The group had a debate about whether they should also concentrate on Jews, but the majority “was not into that,” Potok said.

“Jared Taylor is not an anti-Semite,” Potok said.

George said...

I just read this at Salon by Joan Walsh. Very telling.

"Sadly, to my knowledge, no conservative leader has yet called for dialing back the rage on the right in the wake of the Giffords shooting. Sarah Palin sent condolences to Giffords' family, but said nothing about her unconscionable SarahPAC map putting 20 House members, including Giffords, in actual crosshairs for supporting healthcare reform, or her infamous Tweet telling conservatives "don't retreat, reload." Giffords' 2010 Tea Party challenger, Jesse Kelly, hasn't apologized for inviting supporters to "shoot a fully automatic M16" to "get on target for victory" and "remove Gabrielle Giffords from office." Nevada GOP Senate candidate Sharron Angle hasn't yet recanted her statement about the need to pursue "Second Amendment remedies" if political change lags behind the Tea Party's dreams."

paula said...

Well said, George. None of this rhetoric has anything to do with differences in political policy.

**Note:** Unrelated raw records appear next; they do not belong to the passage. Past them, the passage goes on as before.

Lemma stem_loop u : sc ew u -> exists s, comp_walk (u ++ s ++ u).
Proof.
move=> hu; have [b0 hb0] := comp_edge_exists; have [_ src0 _] := hb0.
have [t ut] := (same_compP rho delta_inj _ _).1 (same_comp_trans (same_comp_sym src0) hu).
set b := ds t b0.
have hb : comp_edge delta rho ew b by apply: comp_edge_delta_states.
have [size_b wb] := (comp_edgeE delta rho ew b).1 hb.
have bu : take n b = u by rewrite take_delta_states ut.
have [w2 [ww2 size_w2 w2v w2u]] : reach (drop 1 b) u.
  apply: (reach_sym rho_inj delta_inj delta_rho_inv_inj n_gt0).
  exists b; split; rewrite ?size_b //.
  by rewrite /last_window size_b subSnn.
have w2E : w2 = drop 1 b ++ drop n w2 by rewrite -w2v cat_take_drop.
set c := drop n b ++ drop n w2.
have Yu : b ++ drop n w2 = u ++ c by rewrite catA -{1}(cat_take_drop n b) bu.
have wY : comp_walk (u ++ c).
  rewrite -Yu -(cat_take_drop 1 b) -catA; apply: comp_walk_glue.
  - by rewrite size_drop size_b subn1.
  - by rewrite cat_take_drop.
  - by rewrite -w2E.
have lY : last_window (u ++ c) = u.
  by rewrite -Yu -(cat_take_drop 1 b) -catA -w2E last_window_cat.
have [wYn lYn] := comp_walk_repeat hu wY lY n.
have size_Yn : 2 * n <= size (u ++ flatten (nseq n c)).
  rewrite size_cat size_flatten_nseq (stem_size hu) size_cat size_drop size_b subSnn; nia.
exists (drop n (take (size (u ++ flatten (nseq n c)) - n) (u ++ flatten (nseq n c)))).
have Ynu : take n (u ++ flatten (nseq n c)) = u.
  by rewrite takel_cat ?take_oversize ?(stem_size hu).
have Yn_split := split_end_windows size_Yn; rewrite Ynu lYn in Yn_split.
by rewrite -Yn_split.
Qed.

Lemma jword_comp_walk w : sc ew (take n w) -> jword delta rho ew w <-> comp_walk w.
Proof.
move=> hu; have size_w : n <= size w by rewrite -{1}(stem_size hu) size_take_min geq_minr.
split=> [jw i hi | ww j /andP [j_gt0 le_jw]].
  case: i hi => [|i] hi; first by rewrite drop0.
  have := jw (i.+1 + n); rewrite hi addn_gt0 /= => /(_ erefl) [[]|[_ _]].
    by move=> + _; rewrite size_take_min; lia.
  have size_t : size (take (i.+1 + n) w) = i.+1 + n by rewrite size_takel.
  move=> /(liftable_edge_suffix rho delta_inj); rewrite size_t addnK leq_addl.
  by rewrite addnC -take_drop; apply.
have [le_jn|lt_nj] := leqP j n.
  left; rewrite size_takel //; split=> //.
  by rewrite -(take_takel _ le_jn); apply/same_comp_take/same_comp_sym.
right; rewrite size_takel //; split=> //.
  by rewrite take_takel ?(ltnW lt_nj) //; apply: same_comp_sym.
apply/(liftable_edge_suffix rho delta_inj); rewrite size_takel // ?(ltnW lt_nj) //.
rewrite -[j in take j w](subnKC (ltnW lt_nj)) -take_drop.
by apply: ww; rewrite subnK // ltnW.
Qed.

Lemma comp_walk_loop_repeat a c : sc ew a -> comp_walk (a ++ c ++ a) ->
  forall k, comp_walk (flatten (nseq k (a ++ c)) ++ a).
Proof.
move=> ha wa; elim=> [|k IH]; first exact: comp_walk_stem.
rewrite -flatten_nseq_rot in IH; rewrite -flatten_nseq_rot /= -!catA.
by rewrite catA; apply: comp_walk_glue; rewrite ?(stem_size ha) -?catA.
Qed.

Hypothesis rho_finite_order : forall w, 0 < size w ->
  exists D, 0 < D /\ forall t, rs (flatten (nseq D w)) t = t.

What you hear day in and day out from the right is a call to arms, with little regard for the consequences of that call.
What political disagreements are we talking about, SP? Arguments are conducted between serious, thoughtful people who show respect for each other. These threats are against people, not policies, and they're couched in the language of death and destruction, not the merits of certain policies or pending legislation.
We've got people who entertain the thought of running for high office actually saying they want to "take out" the opposition, remove that person from office using any means necessary, etc. That's the talk of war and thuggery, not political discourse. There's no place in a serious democracy for personal threats, even empty ones designed to attract attention and make the speaker look bigger and more powerful than he or she actually is.

Nance said...

Paranoid schizophrenia will find its narrative in the paranoid preachings of the day. It will find its narrative, regardless, but its secondary victims will be specific: they will be the enemies identified by those preachers.